La batalla de los cerezos en flor
¡¡Ah, la arrogancia de la juventud!! Me pides que rememore aquellos funestos días en que la insensatez de unos pocos causó tanta muerte y destrucción a nuestra dolorida tierra. ¡Cuántas vidas se truncaron en la flor de la edad para satisfacer el orgullo de sus gobernantes! ¿No deberían esos señores seguir las enseñanzas de Buda, o las de ese nuevo Dios cristiano, y no verter la sangre de hermano contra hermano? ¿No sería más provechoso para su espíritu erigir pagodas, monasterios, escuelas, hospitales, puentes, desecar pantanos… construir, incluso, teatros o tabernas, si fuera menester, antes que enzarzarse en tan deplorables actos? Pero ¿qué clase de honra a sus antepasados pueden ofrecer quienes en lugar de superar las ancestrales rencillas se empeñan en repetir las mismas necedades de sus padres y sus abuelos?

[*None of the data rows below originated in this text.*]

(* Let $|\psi\rangle_{ABC}$ be a three-qubit pure state, each qubit carrying the Hamiltonian $H_A=H_B=H_C=|1\rangle\langle1|$, and let $s=\{A,B,C\}$. If $M^{(s)}_E(|\psi\rangle_{ABC})>\frac12$, then $|\psi\rangle_{ABC}$ is genuinely multipartite entangled, i.e. it is not of the form $|\phi\rangle_{XY}\otimes|\chi\rangle_Z$ for any bipartition $\{X,Y\}|Z$ of $\{A,B,C\}$.
   Context: For a multi-qubit subsystem $X$ the Hamiltonian is $H_X=\sum_{i\in X}H_i$. For a state $\rho_X$ with eigenvalues $p_0\ge p_1\ge\cdots$ and $H_X$ with eigenvalues $0=\epsilon_0\le\epsilon_1\le\cdots$, the passive-state energy is $\mathrm{tr}(\rho_X^pH_X)=\sum_jp_j\epsilon_j$. For a pure state $|\psi\rangle$ and $X\subseteq\{A,B,C\}$, $\Delta_{X|X^c}(|\psi\rangle)=\mathrm{tr}(\rho_X^pH_X)+\mathrm{tr}(\rho_{X^c}^pH_{X^c})$ with $\rho_X$ the marginal, and $\Delta=0$ for $X=\emptyset$ or $X=\{A,B,C\}$. Then $M^{(s)}_E(|\psi\rangle)=2^{-3}\sum_{X\subseteq\{A,B,C\}}\Delta_{X|X^c}(|\psi\rangle)$. *)

From HB Require Import structures.
From mathcomp Require Import all_boot all_order all_algebra.
Set Implicit Arguments. Unset Strict Implicit. Unset Printing Implicit Defensive.
Import Order.TTheory GRing.Theory Num.Theory.
Local Open Scope ring_scope.

(* Three qubits, labelled A = 0, B = 1, C = 2 (elements of 'I_3).
   A computational-basis configuration is a bit string x : {ffun 'I_3 -> bool}
   (x i = true means qubit i is in |1>).  A pure state is a normalised
   amplitude function psi : {ffun 'I_3 -> bool} -> C, over an algebraically
   closed numeric field C (e.g. the complex numbers). *)

Definition cfg := {ffun 'I_3 -> bool}.

Section Defs.
Variable C : numClosedFieldType.

Definition normalized (psi : cfg -> C) : Prop :=
  \sum_(x : cfg) psi x * (psi x)^* = 1.

(* Configurations of the qubits in X: bit strings vanishing outside X. *)
Definition cfgOn (X : {set 'I_3}) :=
  {x : cfg | [forall i, (i \notin X) ==> ~~ x i]}.

Definition join (X : {set 'I_3}) (a c : cfg) : cfg :=
  [ffun i => if i \in X then a i else c i].

(* Reduced density matrix rho_X = tr_{X^c} |psi><psi|, indexed by cfgOn X. *)
Definition marginal (psi : cfg -> C) (X : {set 'I_3}) (a b : cfgOn X) : C :=
  \sum_(c : cfgOn (~: X)) psi (join X (val a) (val c))
                        * (psi (join X (val b) (val c)))^*.

(* H_X = sum_{i in X} |1><1|_i : diagonal, entry = number of qubits of X in |1>. *)
Definition hamX (X : {set 'I_3}) (a b : cfgOn X) : C :=
  if a == b then (#|[set i in X | val a i]|)%:R else 0.

Definition toMx (T : finType) (f : T -> T -> C) : 'M[C]_#|T| :=
  \matrix_(i, j) f (enum_val i) (enum_val j).

Definition eigs n (M : 'M[C]_n) : seq C :=
  projT1 (closed_field_poly_normal (char_poly M)).

(* Passive-state energy tr(rho^p H) = sum_j p_j eps_j with p sorted
   decreasingly and eps sorted increasingly. *)
Definition passiveEnergy n (rho H : 'M[C]_n) : C :=
  \sum_(j < n) (sort (fun x y => y <= x) (eigs rho))`_j
               * (sort (fun x y => x <= y) (eigs H))`_j.

Definition passiveX (psi : cfg -> C) (X : {set 'I_3}) : C :=
  passiveEnergy (toMx (marginal psi (X:=X))) (toMx (@hamX X)).

Definition Delta (psi : cfg -> C) (X : {set 'I_3}) : C :=
  if (X == set0) || (X == setT) then 0
  else passiveX psi X + passiveX psi (~: X).

Definition ME (psi : cfg -> C) : C :=
  (2 ^+ 3)^-1 * \sum_(X : {set 'I_3}) Delta psi X.

(* psi is a product |phi>_{XY} (x) |chi>_Z across the bipartition {X,Y}|Z,
   where Z = {k}: phi does not depend on qubit k. *)
Definition productAcross (psi : cfg -> C) (k : 'I_3) : Prop :=
  exists (phi : cfg -> C) (chi : bool -> C),
    (forall x y : cfg, (forall i, i != k -> x i = y i) -> phi x = phi y) /\
    forall x : cfg, psi x = phi x * chi (x k).

Definition genuinelyEntangled (psi : cfg -> C) : Prop :=
  forall k : 'I_3, ~ productAcross psi k.

End Defs.

(* For a one-qubit cut {i} | {j, k}, write psi as the matrix P with rows indexed
   by the configurations of qubit i and columns by those of j, k.  Then
   rho_i = P P^* has eigenvalues r1 >= r2 >= 0 with r1 + r2 = 1, and by
   Sylvester's determinant identity rho_jk = P^T (P^T)^* has eigenvalues
   r1, r2, 0, 0.  Paired with the spectra {0, 1} of H_i and {0, 1, 1, 2} of H_jk,
   both passive energies equal r2 <= 1/2, so M_E is half the sum of the three
   values r2.  A product across k makes rho_k pure (P has rank one), so its r2
   vanishes and M_E <= 1/2. *)

From HB Require Import structures.
From mathcomp Require Import all_boot all_order all_algebra.
From mathcomp Require Import ring.
Set Implicit Arguments. Unset Strict Implicit. Unset Printing Implicit Defensive.
Import Order.TTheory GRing.Theory Num.Theory.
Local Open Scope ring_scope.
Local Open Scope sesquilinear_scope.

Lemma sort_perm_sorted (T : eqType) (P : {pred T}) (leT : rel T) (s t : seq T) :
  {in P &, total leT} -> {in P & &, transitive leT} ->
  {in P &, antisymmetric leT} ->
  perm_eq s t -> all P t -> sorted leT t -> sort leT s = t.
Proof.
move=> leT_total leT_tr leT_anti st /allP Pt t_sorted.
have Ps x : x \in s -> x \in P by rewrite (perm_mem st) => /Pt.
rewrite (perm_sort_inP _ _ _ _ st) ?(sorted_sort_in leT_tr) //; first by apply/allP.
- by move=> x y /Ps xP /Ps yP; apply: leT_total.
- by move=> x y z /Ps ? /Ps ? /Ps ?; apply: leT_tr.
- by move=> x y /Ps ? /Ps ?; apply: leT_anti.
Qed.

Lemma char_poly_mulmxC (R : comNzRingType) m n (U : 'M[R]_(m, n)) (V : 'M[R]_(n, m)) :
  'X^n * char_poly (U *m V) = 'X^m * char_poly (V *m U).
Proof.
rewrite /char_poly /char_poly_mx.
set U' := map_mx polyC U; set V' := map_mx polyC V.
have -> : map_mx polyC (U *m V) = U' *m V' by rewrite map_mxM.
have -> : map_mx polyC (V *m U) = V' *m U' by rewrite map_mxM.
set M := block_mx ('X%:M : 'M_m) U' V' (1%:M : 'M_n).
have detM : \det M = \det ('X%:M - U' *m V').
  have -> : M = block_mx 1%:M U' 0 1%:M *m block_mx ('X%:M - U' *m V') 0 V' 1%:M.
    by rewrite mulmx_block !mul1mx !mul0mx ?mulmx0 ?mulmx1 ?add0r ?addr0 subrK.
  by rewrite det_mulmx det_ublock det_lblock !det1 !mul1r mulr1.
have : \det (block_mx 1%:M 0 (- V') ('X%:M : 'M_n) *m M) =
       'X^m * \det ('X%:M - V' *m U').
  rewrite mulmx_block !mul1mx !mul0mx !mulmx1 !addr0.
  rewrite mulNmx mul_mx_scalar mul_scalar_mx addNr mulNmx addrC.
  by rewrite det_ublock det_scalar.
by rewrite det_mulmx det_lblock det1 mul1r det_scalar detM.
Qed.

Lemma char_poly_trmx (R : comNzRingType) n (A : 'M[R]_n) :
  char_poly A^T = char_poly A.
Proof.
rewrite /char_poly -det_tr /char_poly_mx; congr (\det _).
by rewrite linearB /= tr_scalar_mx map_trmx trmxK.
Qed.

Lemma det_rank_lt (F : fieldType) n (A : 'M[F]_n) : (\rank A < n)%N -> \det A = 0.
Proof.
move=> rkA; apply/eqP; apply: contraTT rkA.
by rewrite -unitfE -unitmxE -row_free_unit => /eqP ->; rewrite ltnn.
Qed.

Section Spectrum.
Variable C : numClosedFieldType.

Lemma eigsE n (A : 'M[C]_n) : char_poly A = \prod_(z <- eigs A) ('X - z%:P).
Proof.
rewrite /eigs; case: closed_field_poly_normal => rs /= ->.
by rewrite (monicP (char_poly_monic A)) scale1r.
Qed.

Lemma size_eigs n (A : 'M[C]_n) : size (eigs A) = n.
Proof. by have := size_char_poly A; rewrite eigsE size_prod_XsubC => -[]. Qed.

Lemma perm_eigs n (A : 'M[C]_n) s :
  char_poly A = \prod_(z <- s) ('X - z%:P) -> perm_eq (eigs A) s.
Proof. by move=> cpA; apply: prod_XsubC_eq; rewrite -eigsE. Qed.

Lemma mxtrace_eigs n (A : 'M[C]_n) : \tr A = \sum_(z <- eigs A) z.
Proof.
case: n A => [|n] A.
  rewrite /mxtrace big_ord0.
  by have := size_eigs A; case: (eigs A) => // _; rewrite big_nil.
have := @coefPn_prod_XsubC _ (eigs A).
by rewrite -eigsE size_eigs char_poly_trace // => /(_ isT) /oppr_inj.
Qed.

Lemma det_eigs n (A : 'M[C]_n) : \det A = \prod_(z <- eigs A) z.
Proof.
have := char_poly_det A; rewrite eigsE coef0_prod_XsubC size_eigs.
by move=> /lreg_sign.
Qed.

Lemma eigs_gram_ge0 m n (P : 'M[C]_(m, n)) r : r \in eigs (P *m P ^t*) -> 0 <= r.
Proof.
move=> r_eig; have : eigenvalue (P *m P ^t*) r.
  by rewrite eigenvalue_root_char eigsE root_prod_XsubC.
case/eigenvalueP => v vPr v_neq0.
have dotvP : dotmx (v *m P) (v *m P) = r * dotmx v v.
  by rewrite !dotmxE trmx_mul map_mxM mulmxA -(mulmxA v) vPr -scalemxAl mxE.
have dotv_gt0 : 0 < dotmx v v by rewrite dnorm_gt0.
by rewrite -(pmulr_lge0 _ dotv_gt0) -dotvP dnorm_ge0.
Qed.

Lemma perm_eigs_gram_trmx m n (P : 'M[C]_(m, n)) : (m <= n)%N ->
  perm_eq (eigs (P^T *m P^T ^t*)) (eigs (P *m P ^t*) ++ nseq (n - m) 0).
Proof.
move=> le_mn; apply: perm_eigs.
have := char_poly_mulmxC P^T (P^T ^t*).
have -> : P^T ^t* *m P^T = (P *m P ^t*)^T by rewrite trmx_mul map_trmx !trmxK.
rewrite char_poly_trmx -[in 'X^n](subnKC le_mn) exprD -mulrA.
move=> /(mulfI (monic_neq0 (monicXn _ m))) ->.
by rewrite eigsE big_cat big_nseq iter_mulr_1 subr0 mulrC.
Qed.

Lemma passiveEnergyE n (rho H : 'M[C]_n) (p e : seq C) :
  perm_eq (eigs rho) p -> all (mem Num.real) p -> sorted >=%R p ->
  perm_eq (eigs H) e -> all (mem Num.real) e -> sorted <=%R e ->
  passiveEnergy rho H = \sum_(j < n) p`_j * e`_j.
Proof.
move=> rho_p p_real p_sorted H_e e_real e_sorted.
have sort_le : sort <=%R (eigs H) = e.
  apply: (sort_perm_sorted (P := Num.real)) => //.
  - by move=> x y xR yR; apply: real_leVge.
  - by move=> y x z _ _ _; apply: le_trans.
  - by move=> x y _ _; apply: le_anti.
have sort_ge : sort >=%R (eigs rho) = p.
  apply: (sort_perm_sorted (P := Num.real)) => //.
  - by move=> x y xR yR; apply: real_leVge.
  - by move=> y x z _ _ _ /= xy yz; apply: le_trans yz xy.
  - by move=> x y _ _ /=; rewrite andbC => /le_anti.
by rewrite /passiveEnergy sort_le sort_ge.
Qed.

End Spectrum.

Lemma card_set_in_sum (T : finType) (X : {set T}) (b : pred T) :
  #|[set i in X | b i]| = (\sum_(i in X) b i)%N.
Proof.
rewrite -sum1_card big_mkcond [RHS]big_mkcond /=; apply: eq_bigr => i _.
by rewrite inE; case: (i \in X); case: (b i).
Qed.

Lemma cfgOn_notin (X : {set 'I_3}) (a : cfgOn X) i : i \notin X -> val a i = false.
Proof. by move=> iX; have /forallP/(_ i) := valP a; rewrite iX => /negbTE. Qed.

Sí. No te asustes, querido discípulo, de que hable así. Sé que me queda poco tiempo de existencia y la disciplina del dōjō me ha hecho más fuerte. A mi edad, el dolor es un viejo compañero de viaje y la muerte, la liberación final que me ha sido negada durante tanto tiempo. Si, al contrario que otros muchos, yo no les profeso temor, ¿por qué habría de inquietarme la ira de nuestro daimio o de sus secuaces?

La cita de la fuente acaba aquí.